2. **`age.astype('Float64')`:**
   - Uses pandas nullable Float64 type instead of numpy float64
   - Allows explicit NaN values without confusion with special float values
   - Better for data that should distinguish "missing" from "zero"
   - Float64 (capital F) is a nullable type; float64 (lowercase) is not

3. **`pd.to_numeric(spend_string, errors='coerce')`:**
   - Converts currency strings to float after cleaning
   - More robust than `astype(float)` which would fail on strings
   - `errors='coerce'` turns unparseable values into NaN for safe imputation

4. **`is_marketing_opt_in.fillna(False).astype('bool')`:**
   - First fills nulls with safe default
   - Then converts to strict boolean type (not nullable)
   - Ensures downstream logic can rely on True/False without null checks

### Export Final Cleaned Dataset

In [None]:
import pyarrow.parquet as pq
import pyarrow as pa
from pathlib import Path

# Create output directory
out = Path('artifacts/clean')
out.mkdir(parents=True, exist_ok=True)

# Choose which cleaned dataset to export (resolved or best)
final = resolved  # or `best` depending on policy preference

# Write to parquet
output_path = out / 'users_clean.parquet'
pq.write_table(pa.Table.from_pandas(final, preserve_index=False), output_path)

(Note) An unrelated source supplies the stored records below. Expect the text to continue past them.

(* Let $V\subseteq\mathbb{Z}^2$ be infinite and connected (in the nearest-neighbour lattice $(\mathbb{Z}^2,\mathcal{E}^2)$) with $\mathbb{Z}^2\setminus V$ also infinite and connected, let $E$ be the set of nearest-neighbour edges with both endpoints in $V$, and let $(v_i)_{i\in\mathbb{Z}}$ be the boundary vertex sequence of $V$ described in the context. Then for every $\omega\in[0,\infty)^E$ and every $x,y\in V$, the limit \[ B(x,y):=\lim_{n\to\infty} B_n(x,y),\qquad B_n(x,y)=\tau(x,v_n)-\tau(y,v_n),\] exists (as a real number).
   Context: The dual lattice has vertex set $\mathbb{Z}^2+(1/2,1/2)$ and edge set $\mathcal{E}^2+(1/2,1/2)$; the dual edge $e^*$ is the one bisecting $e\in\mathcal{E}^2$. For $V$ as in the claim there is a doubly infinite dual path $\Gamma=(e_i^* )_{i\in\mathbb{Z}}$ with no vertex self-intersections such that $(V,E)$ is one of the two components of the graph obtained from $(\mathbb{Z}^2,\mathcal{E}^2)$ by deleting the edges $e_i$ dual to the $e_i^*$; fix such a $\Gamma$ and its indexing, and let $v_i$ be the endpoint of $e_i$ lying in $V$ (a vertex may appear as $v_i$ for several $i$). For $\omega=(\omega_e)_{e\in E}\in[0,\infty)^E$, the passage time of a finite path $\gamma$ in $(V,E)$ is $\tau(\gamma)=\sum_{e\in\gamma}\omega_e$, and $\tau(x,y)=\inf\{\tau(\gamma):\gamma \text{ a path in }(V,E)\text{ from }x\text{ to }y\}$. *)

From Stdlib Require Import ZArith Reals List.
From Coquelicot Require Import Coquelicot.
Open Scope R_scope.

Definition vertex := (Z * Z)%type.

(* nearest-neighbour adjacency in Z^2 (also used for the dual lattice,
   a dual vertex (a,b) standing for (a+1/2, b+1/2)) *)
Definition adj (u w : vertex) : Prop :=
  (Z.abs (fst u - fst w) + Z.abs (snd u - snd w) = 1)%Z.

Fixpoint walk (A : vertex -> vertex -> Prop) (x : vertex) (l : list vertex)
  (y : vertex) : Prop :=
  match l with
  | nil => x = y
  | w :: l' => A x w /\ walk A w l' y
  end.

Definition infinite_set (S : vertex -> Prop) : Prop :=
  forall l : list vertex, exists x, S x /\ ~ In x l.

Definition lattice_connected (S : vertex -> Prop) : Prop :=
  forall x y, S x -> S y -> exists l, walk (fun a b => adj a b /\ S b) x l y.

(* The primal edge {u,w} is the one bisected by the dual edge {p,q}
   (dual vertex (a,b) = (a+1/2,b+1/2)): both are edges and their midpoints
   coincide, i.e. u + w = p + q + (1,1). *)
Definition bisects (p q u w : vertex) : Prop :=
  adj p q /\ adj u w /\
  (fst u + fst w = fst p + fst q + 1)%Z /\
  (snd u + snd w = snd p + snd q + 1)%Z.

(* g : Z -> dual vertices is a doubly infinite dual path with no vertex
   self-intersections; its i-th edge e_i^* is {g i, g (i+1)} *)
Definition dual_path (g : Z -> vertex) : Prop :=
  (forall i, adj (g i) (g (i + 1)%Z)) /\
  (forall i j, g i = g j -> i = j).

Definition crossed (g : Z -> vertex) (u w : vertex) : Prop :=
  exists i, bisects (g i) (g (i + 1)%Z) u w.

Definition cut_adj (g : Z -> vertex) (u w : vertex) : Prop :=
  adj u w /\ ~ crossed g u w.

Definition is_component (A : vertex -> vertex -> Prop) (C : vertex -> Prop) : Prop :=
  (exists x, C x) /\
  (forall x y, C x -> A x y -> C y) /\
  (forall x y, C x -> C y -> exists l, walk A x l y).

Fixpoint ptime (om : vertex -> vertex -> R) (x : vertex) (l : list vertex) : R :=
  match l with
  | nil => 0
  | w :: l' => om x w + ptime om w l'
  end.

Definition adjV (V : vertex -> Prop) (a b : vertex) : Prop :=
  adj a b /\ V a /\ V b.

(* tau(x,y) = inf of passage times of paths in (V,E) from x to y
   (finite whenever V is connected and x,y in V) *)
Definition tau (V : vertex -> Prop) (om : vertex -> vertex -> R)
  (x y : vertex) : R :=
  real (Glb_Rbar (fun t => exists l, V x /\ walk (adjV V) x l y /\ t = ptime om x l)).

From Stdlib Require Import ZArith Reals List Lia Lra Classical.
From Coquelicot Require Import Coquelicot.

(* Put h_z(n) = tau(z, v_n) - tau(v_0, v_n); then B_n(x, y) = h_x(n) - h_y(n), so it
   suffices that every h_z converges, and h_z is bounded by the triangle inequality.
   The planar input is that walks in V from v_a to v_b and from v_c to v_d meet
   whenever a < c < b < d.  This is a discrete Jordan curve argument: a closed primal
   walk and a closed dual walk cross an even number of times, which also shows that
   the dual path separates V from its complement.  Hence, for 0 < m < n < n', a
   near-geodesic from v_0 to v_n meets every walk from z to v_m or every walk from z
   to v_n', and exchanging tails at the meeting point gives
   h_z(n) <= max (h_z(m), h_z(n')).  A bounded sequence without such peaks is
   eventually monotone, hence convergent. *)

Section Walks.

Variable A : vertex -> vertex -> Prop.

Lemma walk_app x l1 y l2 z :
  walk A x l1 y -> walk A y l2 z -> walk A x (l1 ++ l2) z.
Proof.
  revert x; induction l1 as [|a l1 IH]; simpl; intros x H1 H2.
  - now subst.
  - destruct H1; split; auto.
Qed.

Lemma walk_end_in x l y : walk A x l y -> In y (x :: l).
Proof.
  revert x; induction l as [|a l IH]; simpl; intros x H.
  - auto.
  - destruct H as [_ H]; apply IH in H; simpl in H; tauto.
Qed.

Lemma walk_split_at x l y z : In z (x :: l) -> walk A x l y ->
  exists l1 l2, l = l1 ++ l2 /\ walk A x l1 z /\ walk A z l2 y.
Proof.
  revert x; induction l as [|a l IH]; simpl; intros x Hin H.
  - destruct Hin as [<-|[]]. exists nil, nil; simpl; auto.
  - destruct Hin as [<-|Hin].
    + exists nil, (a :: l); simpl; auto.
    + destruct H as [Ha H]. destruct (IH a Hin H) as (l1 & l2 & -> & W1 & W2).
      exists (a :: l1), l2; simpl; auto.
Qed.

Lemma walk_rev (Asym : forall a b, A a b -> A b a) x l y : walk A x l y ->
  exists l', walk A y l' x /\ forall t, In t (y :: l') -> In t (x :: l).
Proof.
  revert x; induction l as [|a l IH]; simpl; intros x H.
  - subst; exists nil; simpl; auto.
  - destruct H as [Ha H]. destruct (IH a H) as (k & Wk & Ik).
    exists (k ++ x :: nil); split.
    + apply walk_app with a; simpl; auto.
    + intros t [<-|Ht]; [right; apply Ik; simpl; auto|].
      destruct (in_app_or k (x :: nil) t Ht) as [Hh|[<-|[]]]; simpl; auto.
      right; apply Ik; simpl; auto.
Qed.

Lemma walk_impl (B : vertex -> vertex -> Prop) (HAB : forall a b, A a b -> B a b) x l y :
  walk A x l y -> walk B x l y.
Proof. revert x; induction l; simpl; intros x H; [auto|destruct H; split; auto]. Qed.

Lemma walk_invariant (B : vertex -> vertex -> Prop) (P : vertex -> Prop)
  (HP : forall a b, P a -> A a b -> B a b /\ P b) x l y :
  P x -> walk A x l y -> walk B x l y /\ forall t, In t (x :: l) -> P t.
Proof.
  revert x; induction l as [|a l IH]; simpl; intros x Px W.
  - subst; split; auto. intros t [<-|[]]; auto.
  - destruct W as [Ha W]. destruct (HP _ _ Px Ha) as [Hb Pa].
    destruct (IH a Pa W) as [W' I']; split; auto.
    intros t [<-|Ht]; auto.
Qed.

Fixpoint steps (x : vertex) (l : list vertex) : list (vertex * vertex) :=
  match l with nil => nil | w :: l' => (x, w) :: steps w l' end.

Lemma steps_app x l1 y l2 : walk A x l1 y ->
  steps x (l1 ++ l2) = steps x l1 ++ steps y l2.
Proof.
  revert x; induction l1 as [|a l1 IH]; simpl; intros x H; [now subst|].
  destruct H as [_ H]; now rewrite (IH a H).
Qed.

Lemma steps_rel x l y : walk A x l y ->
  forall s, In s (steps x l) -> A (fst s) (snd s).
Proof.
  revert x; induction l as [|a l IH]; simpl; intros x H s Hs; [destruct Hs|].
  destruct H as [Ha H]; destruct Hs as [<-|Hs]; simpl; auto. apply (IH a H s Hs).
Qed.

End Walks.

Lemma steps_in x l s : In s (steps x l) -> In (fst s) (x :: l) /\ In (snd s) (x :: l).
Proof.
  revert x; induction l as [|a l IH]; simpl; intros x H; [destruct H|].
  destruct H as [<-|H]; simpl; auto. apply IH in H; simpl in H; tauto.
Qed.

Open Scope Z_scope. Open Scope bool_scope.

(* Dual walks are allowed to pause, which lets a primal vertex [v] be reused
   as the dual vertex [v + (1/2,1/2)] and joined to nearby dual vertices. *)
Definition adj_or_eq (p q : vertex) : Prop := adj p q \/ p = q.

Lemma adj_or_eq_sym a b : adj_or_eq a b -> adj_or_eq b a.
Proof. unfold adj_or_eq, adj; intros [H|H]; [left; lia|right; auto]. Qed.

Definition adjb (p q : vertex) : bool :=
  Z.eqb (Z.abs (fst p - fst q) + Z.abs (snd p - snd q)) 1.

Definition bisectsb (p q u w : vertex) : bool :=
  adjb p q && adjb u w && Z.eqb (fst u + fst w) (fst p + fst q + 1)
  && Z.eqb (snd u + snd w) (snd p + snd q + 1).

Lemma bisectsP p q u w : bisectsb p q u w = true <-> bisects p q u w.
Proof.
  unfold bisectsb, adjb, bisects, adj.
  rewrite !Bool.andb_true_iff, !Z.eqb_eq. tauto.
Qed.

Lemma adj_cases (p q : vertex) : adj p q ->
  q = (fst p + 1, snd p) \/ q = (fst p - 1, snd p) \/
  q = (fst p, snd p + 1) \/ q = (fst p, snd p - 1).
Proof.
  destruct p as [a b], q as [c d]; unfold adj; simpl; intro H.
  assert ((c = a + 1 /\ d = b) \/ (c = a - 1 /\ d = b) \/ (c = a /\ d = b + 1)
    \/ (c = a /\ d = b - 1)) as [[-> ->]|[[-> ->]|[[-> ->]|[-> ->]]]] by lia; auto.
Qed.

Lemma bisects_endpoint p q u w : bisects p q u w -> u = p \/ u = q \/ w = p \/ w = q.
Proof.
  destruct p as [p1 p2], q as [q1 q2], u as [u1 u2], w as [w1 w2].
  unfold bisects, adj; simpl. intros (H1 & H2 & H3 & H4).
  assert ((u1 = p1 /\ u2 = p2) \/ (u1 = q1 /\ u2 = q2) \/
          (w1 = p1 /\ w2 = p2) \/ (w1 = q1 /\ w2 = q2)) by lia.
  intuition (subst; auto).
Qed.

Lemma bisects_unique p q p' q' u w : bisects p q u w -> bisects p' q' u w ->
  (p = p' /\ q = q') \/ (p = q' /\ q = p').
Proof.
  destruct p as [p1 p2], q as [q1 q2], p' as [r1 r2], q' as [s1 s2],
    u as [u1 u2], w as [w1 w2].
  unfold bisects, adj; simpl. intros (H1 & H2 & H3 & H4) (H5 & H6 & H7 & H8).
  assert ((p1 = r1 /\ p2 = r2 /\ q1 = s1 /\ q2 = s2) \/
          (p1 = s1 /\ p2 = s2 /\ q1 = r1 /\ q2 = r2)) by lia.
  intuition (subst; auto).
Qed.

Lemma bisects_swap p q u w : bisects p q u w -> bisects p q w u.
Proof. unfold bisects, adj. lia. Qed.

Lemma steps_bisects_touch x l s a b : In s (steps x l) ->
  bisects (fst s) (snd s) a b -> In a (x :: l) \/ In b (x :: l).
Proof.
  intros Hs Hb. apply steps_in in Hs.
  destruct (bisects_endpoint _ _ _ _ Hb) as [ -> | [ -> | [ -> | -> ] ] ]; tauto.
Qed.

(** * Crossing numbers of dual and primal walks *)

Definition sumZ (l : list Z) : Z := fold_right Z.add 0 l.

Definition cross_ind (d c : vertex * vertex) : Z :=
  if bisectsb (fst d) (snd d) (fst c) (snd c) then 1 else 0.

Definition crossings (D C : list (vertex * vertex)) : Z :=
  sumZ (map (fun d => sumZ (map (cross_ind d) C)) D).

(* [ray_ind h e] is 1 iff the ray from the dual vertex [h] towards +x crosses
   the primal edge [e]; [sweep_ind p q z] is 1 iff the primal vertex [z] lies
   on the strip swept by that ray when [h] moves vertically from [p] to [q]. *)
Definition ray_ind (h : vertex) (e : vertex * vertex) : Z :=
  if (fst (fst e) =? fst (snd e)) && (fst h + 1 <=? fst (fst e))
     && (Z.min (snd (fst e)) (snd (snd e)) =? snd h) then 1 else 0.

Definition sweep_ind (p q z : vertex) : Z :=
  if (fst p =? fst q) && negb (snd p =? snd q) && (snd z =? Z.max (snd p) (snd q))
     && (fst p + 1 <=? fst z) then 1 else 0.

Lemma edge_pair_parity p q u w : adj_or_eq p q -> adj u w ->
  Z.even (cross_ind (p, q) (u, w) + ray_ind p (u, w) + ray_ind q (u, w)
          + sweep_ind p q u + sweep_ind p q w) = true.
Proof.
  intros Hpq Huw.
  destruct Hpq as [Hpq|<-];
    [destruct (adj_cases _ _ Hpq) as [ -> | [ -> | [ -> | -> ] ] ]|];
    destruct (adj_cases _ _ Huw) as [ -> | [ -> | [ -> | -> ] ] ];
    destruct p as [p1 p2], u as [u1 u2];
    unfold cross_ind, bisectsb, adjb, ray_ind, sweep_ind; simpl;
    repeat (match goal with
            | |- context [Z.eqb ?a ?b] => destruct (Z.eqb_spec a b)
            | |- context [Z.leb ?a ?b] => destruct (Z.leb_spec a b)
            end; simpl; try (exfalso; lia)); reflexivity.
Qed.
Lemma t3_r_bilinear : bilinear2 (t3_r T3 (T2 := T2)).
Proof.
split=> [b|x]; first exact: t2_lift_linear (t3_bilinear12 b).
apply: klinear_t2_lift_param t3_bilinear12 _ => u v.
exact: (t3_trilinear T3).2.2.
Qed.

Lemma t3_l_bilinear : bilinear2 (t3_l T3 (T2 := T2)).
Proof.
split=> [x|a]; last exact: t2_lift_linear (t3_bilinear23 a).
apply: klinear_t2_lift_param t3_bilinear23 _ => u v.
exact: (t3_trilinear T3).1.
Qed.

Lemma id_mult_trilinear : trilinear3 (fun a b c : A => a (x) (b * c)).
Proof.
split; [|split] => [b c|a c|a b] d x y /=; first exact: (t2_bilinear T2).1.
  by rewrite mulrDl -scalerAl (t2_bilinear T2).2.
by rewrite mulrDr -scalerAr (t2_bilinear T2).2.
Qed.

Lemma mult_id_trilinear : trilinear3 (fun a b c : A => (a * b) (x) c).
Proof.
split; [|split] => [b c|a c|a b] d x y /=; last exact: (t2_bilinear T2).2.
  by rewrite mulrDl -scalerAl (t2_bilinear T2).1.
by rewrite mulrDr -scalerAr (t2_bilinear T2).1.
Qed.

Lemma id_mult_t a b c : id_mult T2 (t3 T3 a b c) = a (x) (b * c).
Proof. exact: (t3_lift_t T3 id_mult_trilinear). Qed.

Lemma mult_id_t a b c : mult_id T2 (t3 T3 a b c) = (a * b) (x) c.
Proof. exact: (t3_lift_t T3 mult_id_trilinear). Qed.

Lemma id_mult_t3_r x b : id_mult T2 (t3_r T3 x b) = tensor_rmul x b.
Proof.
move: x; apply: t2_unique => [||u v].
- exact: klinear_comp (t3_lift_linear id_mult_trilinear) (t3_r_bilinear.1 b).
- exact: tensor_rmul_linear.
by rewrite t3_r_t id_mult_t tensor_rmul_t.
Qed.

Lemma mult_id_t3_l a x : mult_id T2 (t3_l T3 a x) = tensor_lmul a x.
Proof.
move: x; apply: t2_unique => [||u v].
- exact: klinear_comp (t3_lift_linear mult_id_trilinear) (t3_l_bilinear.2 a).
- exact: tensor_lmul_linear.
by rewrite t3_l_t mult_id_t tensor_lmul_t.
Qed.

Variables (D : A -> T2) (D_linear : klinear D).

Lemma comul_id_bilinear : bilinear2 (fun a b => t3_r T3 (D a) b).
Proof.
split=> [b|a]; last exact: t3_r_bilinear.2.
exact: klinear_comp (t3_r_bilinear.1 b) D_linear.
Qed.

Lemma id_comul_bilinear : bilinear2 (fun a b => t3_l T3 a (D b)).
Proof.
split=> [b|a]; first exact: t3_l_bilinear.1.
exact: klinear_comp (t3_l_bilinear.2 a) D_linear.
Qed.

Lemma comul_id_t u v : comul_id T3 D (u (x) v) = t3_r T3 (D u) v.
Proof. exact: (t2_lift_t T2 comul_id_bilinear). Qed.

Lemma id_comul_t u v : id_comul T3 D (u (x) v) = t3_l T3 u (D v).
Proof. exact: (t2_lift_t T2 id_comul_bilinear). Qed.

Lemma comul_id_multE :
  (forall x, D (mult x) = id_mult T2 (comul_id T3 D x)) <->
  (forall a b, D (a * b) = tensor_rmul (D a) b).
Proof.
split=> [DF a b | DR]; first by rewrite -(mult_t T2) DF comul_id_t id_mult_t3_r.
apply: t2_unique => [||u v].
- by apply: klinear_comp; [exact: D_linear | exact: mult_linear].
- exact: klinear_comp (t3_lift_linear id_mult_trilinear)
                      (t2_lift_linear comul_id_bilinear).
by rewrite (mult_t T2) comul_id_t id_mult_t3_r.
Qed.

Lemma id_comul_multE :
  (forall x, D (mult x) = mult_id T2 (id_comul T3 D x)) <->
  (forall a b, D (a * b) = tensor_lmul a (D b)).
Proof.
split=> [DF a b | DL]; first by rewrite -(mult_t T2) DF id_comul_t mult_id_t3_l.
apply: t2_unique => [||u v].
- by apply: klinear_comp; [exact: D_linear | exact: mult_linear].
- exact: klinear_comp (t3_lift_linear mult_id_trilinear)
                      (t2_lift_linear id_comul_bilinear).
by rewrite (mult_t T2) id_comul_t mult_id_t3_l.
Qed.

End Comultiplication.

Lemma nearly_frobeniusE (k : fieldType) (A : algType k)
    (T2 : tensor2 A A) (T3 : tensor3 A A A) (D : A -> T2) :
  nearly_frobenius T3 D <->
  bimod_morph (M := regular_bimodule A) (N := tensor_bimodule T2) D.
Proof.
split=> [[D_lin [DR DL]] | [D_lin [DL DR]]].
  split=> //; split; first exact/(id_comul_multE T3 D_lin).
  exact/(comul_id_multE T3 D_lin).
split=> //; split; first exact/(comul_id_multE T3 D_lin).
exact/(id_comul_multE T3 D_lin).
Qed.

Theorem theorem34 (k : fieldType) (A : algType k)
  (T2 : tensor2 A A) (T3 : tensor3 A A A) :
  bimod_projective (regular_bimodule A) <->
  exists D : A -> T2, nearly_frobenius T3 D /\ normalized D.
Proof.
split=> [projA | [D [DF Dn]]].
  have [D [DM Dn]] := projA _ _ _ id (mult_bimod_morph T2) (@mult_surj _ _ T2)
                            (bimod_morph_id _).
  by exists D; split=> //; apply/nearly_frobeniusE.
have DM := proj1 (nearly_frobeniusE T3 D) DF.
apply: (bimod_projective_retract DM (mult_bimod_morph T2)); first exact: Dn.
exact: tensor_bimodule_projective.
Qed.
Lemma covZl a u w : cov (a *: u) w = a * cov u w.
Proof. by case: Hcov => lin _ _ _; rewrite -[a *: u]addr0 lin cov0l addr0. Qed.

Lemma covZr a u w : cov w (a *: u) = a * cov w u.
Proof. by rewrite cov_sym covZl cov_sym. Qed.

Lemma cov_suml (I : finType) (F : I -> V) w :
  cov (\sum_i F i) w = \sum_i cov (F i) w.
Proof. exact: (big_morph (cov^~ w) (fun u v => covDl u v w) (cov0l w)). Qed.

Lemma cov_sumr (I : finType) (F : I -> V) w :
  cov w (\sum_i F i) = \sum_i cov w (F i).
Proof. by rewrite cov_sym cov_suml; apply: eq_bigr => i _; rewrite cov_sym. Qed.

Section OrthonormalSpan.
Context {n m : nat} {s : 'I_n -> V} {t : 'I_m -> V}.
Hypothesis s_on : forall i j, cov (s i) (s j) = (i == j)%:R.

Lemma in_span_expansion {v : V} : in_span s v -> v = \sum_j cov v (s j) *: s j.
Proof.
move=> [a ->]; apply: eq_bigr => j _; congr (_ *: _).
rewrite cov_suml -(sum_mul_delta a j); apply: eq_bigr => i _.
by rewrite covZl s_on.
Qed.

Lemma in_span_trans {v : V} : in_span t v -> (forall i, in_span s (t i)) -> in_span s v.
Proof.
move=> [a ->] ts; exists (fun j => \sum_i a i * cov (t i) (s j)).
under eq_bigr => i _ do rewrite (in_span_expansion (ts i)) scaler_sumr.
rewrite exchange_big /=; apply: eq_bigr => j _.
by rewrite scaler_suml; apply: eq_bigr => i _; rewrite scalerA.
Qed.

End OrthonormalSpan.

Context {K : nat} {p : 'I_K -> nat} {x : forall k : 'I_K, 'I_(p k) -> V}.
Context {r : 'I_K -> nat}.
Local Notation bvec := (forall k : 'I_K, 'I_(r k) -> R).
Local Notation family := (forall k : 'I_K, 'I_(r k) -> V).

Lemma cov_bcombr (f : family) (e : bvec) k i :
  cov (f k i) (bcomb f e) = \sum_j \sum_i' gram cov f k i j i' * e j i'.
Proof.
rewrite cov_sumr; apply: eq_bigr => j _; rewrite cov_sumr.
by apply: eq_bigr => i' _; rewrite covZr mulrC.
Qed.

Lemma onb_change {f g : family} : onb_choice cov x f -> onb_choice cov x g ->
  forall k i, g k i = \sum_j cov (g k i) (f k j) *: f k j.
Proof.
move=> Hf Hg k i; case: (Hf k) => _ xf f_on; case: (Hg k) => gx _ _.
exact: (in_span_expansion f_on (in_span_trans f_on (gx i) xf)).
Qed.

Section Rebase.
Context {f g : family}.
Hypotheses (Hf : onb_choice cov x f) (Hg : onb_choice cov x g).

Lemma block_rebase e k :
  \sum_i e k i *: g k i = \sum_j rebase cov f g e k j *: f k j.
Proof.
under eq_bigr do rewrite (onb_change Hf Hg) scaler_sumr.
rewrite exchange_big /=; apply: eq_bigr => j _.
by rewrite scaler_suml; apply: eq_bigr => i _; rewrite scalerA.
Qed.

Lemma bcomb_rebase e : bcomb g e = bcomb f (rebase cov f g e).
Proof. by apply: eq_bigr => k _; rewrite block_rebase. Qed.

Lemma block_dot_rebase a b k :
  \sum_j rebase cov f g a k j * rebase cov f g b k j = \sum_i a k i * b k i.
Proof.
have rebaseE e j : rebase cov f g e k j = cov (\sum_i e k i *: g k i) (f k j).
  by rewrite cov_suml; apply: eq_bigr => i _; rewrite covZl.
have [_ _ g_on] := Hg k.
transitivity (cov (\sum_i a k i *: g k i) (\sum_i b k i *: g k i)).
  rewrite [X in cov _ X]block_rebase cov_sumr; apply: eq_bigr => j _.
  by rewrite covZr rebaseE mulrC.
rewrite cov_suml; apply: eq_bigr => i _; rewrite covZl cov_sumr.
under eq_bigr do rewrite covZr g_on eq_sym.
by rewrite (sum_mul_delta (b k)).
Qed.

print(f"Cleaned users data exported to: {output_path}")
print(f"Final row count: {len(final)}")
print(f"File size: {output_path.stat().st_size:,} bytes")
print(f"\nFinal data shape: {final.shape}")
print(f"\nSample of cleaned data:")
final.head()

### Data Quality Summary

In [None]:
print("DATA QUALITY METRICS")
print("=" * 60)
print(f"Original rows: {len(users)}")
print(f"Rows after dropping missing keys: {len(clean1)}")
print(f"Final rows after deduplication: {len(final)}")
print(f"Total rows removed: {len(users) - len(final)} ({100*(len(users)-len(final))/len(users):.1f}%)")
print("\n" + "=" * 60)

print("\nFINAL MISSING DATA:")
print(final.isna().sum())

print("\n" + "=" * 60)
print("\nDATA TYPE SUMMARY:")
print(final.dtypes)

print("\n" + "=" * 60)
print("\nSPEND STATISTICS:")
print(final['spend_usd'].describe())

print("\n" + "=" * 60)
print("\nCOUNTRY DISTRIBUTION:")
print(final['country_norm'].value_counts())

### Common Pitfalls Avoided

1. **Over-dropping with `dropna()`**: We used `subset=['user_id','email']` instead of dropping all rows with any nulls, preserving 95%+ of data.

2. **`astype(float)` on non-numeric strings**: We used `pd.to_numeric(..., errors='coerce')` which safely handles unparseable values.

3. **Inconsistent duplicate resolution**: We sorted by multiple columns before `drop_duplicates()` to ensure deterministic results.

4. **Mixing object, string, and nullable dtypes**: We were explicit with types like `Float64` for nullable numerics and proper `bool` after imputation.

5. **Ignoring group-wise patterns**: We used country-specific median imputation for spend rather than global median, preserving geographic patterns.

## Conclusion

In this lab, we:

✅ Inspected and quantified missing data across multiple dimensions  
✅ Applied strategic imputation using group-wise statistics  
✅ Normalized inconsistent data formats (currency, dates, categories)  
✅ Converted data types appropriately using nullable types where needed  
✅ Identified and removed duplicates using composite key strategies  
✅ Compared `apply` vs vectorized operations for performance  
✅ Exported clean, analysis-ready data in Parquet format  

The cleaned dataset is now ready for downstream analytics, machine learning, or LLM pipeline integration.